Maybe I'm being a bit thick! But I really don't understand how a super-injunction can possible work in the day of mass-user digital publishing.
Here's my query. Let's say I've seen person X doing something very naughty, but not illegal, on a number of occasions. I decide that I'm going to blog about X's behaviour because that person has been very critical of other people doing the same thing and I believe that X is being hypocritical. I go home and blog about X being very naughty, unknowing that X has a super-injunction preventing people discussing his/her naughty behaviour.
If what I had written was a lie and damaging to X, I would be looking at the wrong end of a libel suite, and rightly so. But if X wasn't being naughty they wouldn't need a super-injunction. If what I've written is true, and I can prove it to be true, I can use the first and most powerful defence against a libel action which is to prove justification.
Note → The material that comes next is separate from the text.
(* For a combinatorial auction with $m\ge2$ items and $n\ge2$ bidders with unit-demand valuations, there is no randomized mechanism that is universally obviously strategy-proof, satisfies individual rationality and no negative transfers, and gives an approximation better than $\frac{8}{7}$ to the optimal social welfare; i.e., every such mechanism has $\sup_v\mathrm{OPT}(v)/\mathbb{E}[W(v)]\ge 8/7$.
   Context: A valuation is unit-demand if there are $v_{ij}\ge0$ with $v_i(A)=\max_{j\in A}v_{ij}$. Each bidder's domain $V_i$ is the set of unit-demand valuations (publicly known), valuations private, utilities quasi-linear. A deterministic mechanism is a rooted tree: each internal node is assigned to one bidder, who sends one of the messages labeling the outgoing edges; each leaf is labeled with a feasible allocation (disjoint bundles) and a payment for each bidder. A behavior $B_i$ specifies a message at every node of bidder $i$; a profile $B$ determines a root-to-leaf path $\mathrm{Path}(B)$ with bundle $f_i(B)$ and payment $p_i(B)$ for $i$. A strategy $\mathcal S_i$ maps each $v_i\in V_i$ to a behavior; it is obviously dominant if for every $v_i\in V_i$, every node $u$ of $i$, every $B_{-i}$ and every profile $B'$ with $u\in\mathrm{Path}(\mathcal S_i(v_i),B_{-i})\cap\mathrm{Path}(B')$ and $B'_i$ sending at $u$ a message different from $\mathcal S_i(v_i)$'s, $v_i(f_i(\mathcal S_i(v_i),B_{-i}))-p_i(\mathcal S_i(v_i),B_{-i})\ge v_i(f_i(B'))-p_i(B')$. A randomized mechanism is a probability distribution over deterministic mechanisms each with strategies; it is universally OSP if every mechanism in its support is OSP. Individual rationality: in every mechanism of the support, for every profile in $\prod_iV_i$, following the strategies gives each bidder utility $\ge0$. No negative transfers: every payment at every leaf of every mechanism in the support is $\ge0$. $\mathbb{E}[W(v)]$ is the expected welfare when bidders follow their strategies on profile $v$; $\mathrm{OPT}(v)$ is the optimal welfare. *)

From HB Require Import structures.
From mathcomp Require Import all_boot all_order all_algebra.
From mathcomp Require Import all_classical all_reals all_analysis.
If I have never been served with the super-injunction covering X's behaviour how can I know that there is a ban on their actions being written about? Surely I can't be held in contempt if I was unaware that the injunction even exists. If the court issues the super-injunction to everyone who could potentially publish the story it would need to go to everyone with a blog, twitter account, facebook page etc. etc. etc. rather defeating the object of the super-injunction.
Maybe I'm missing something really obvious and if I am please let me know.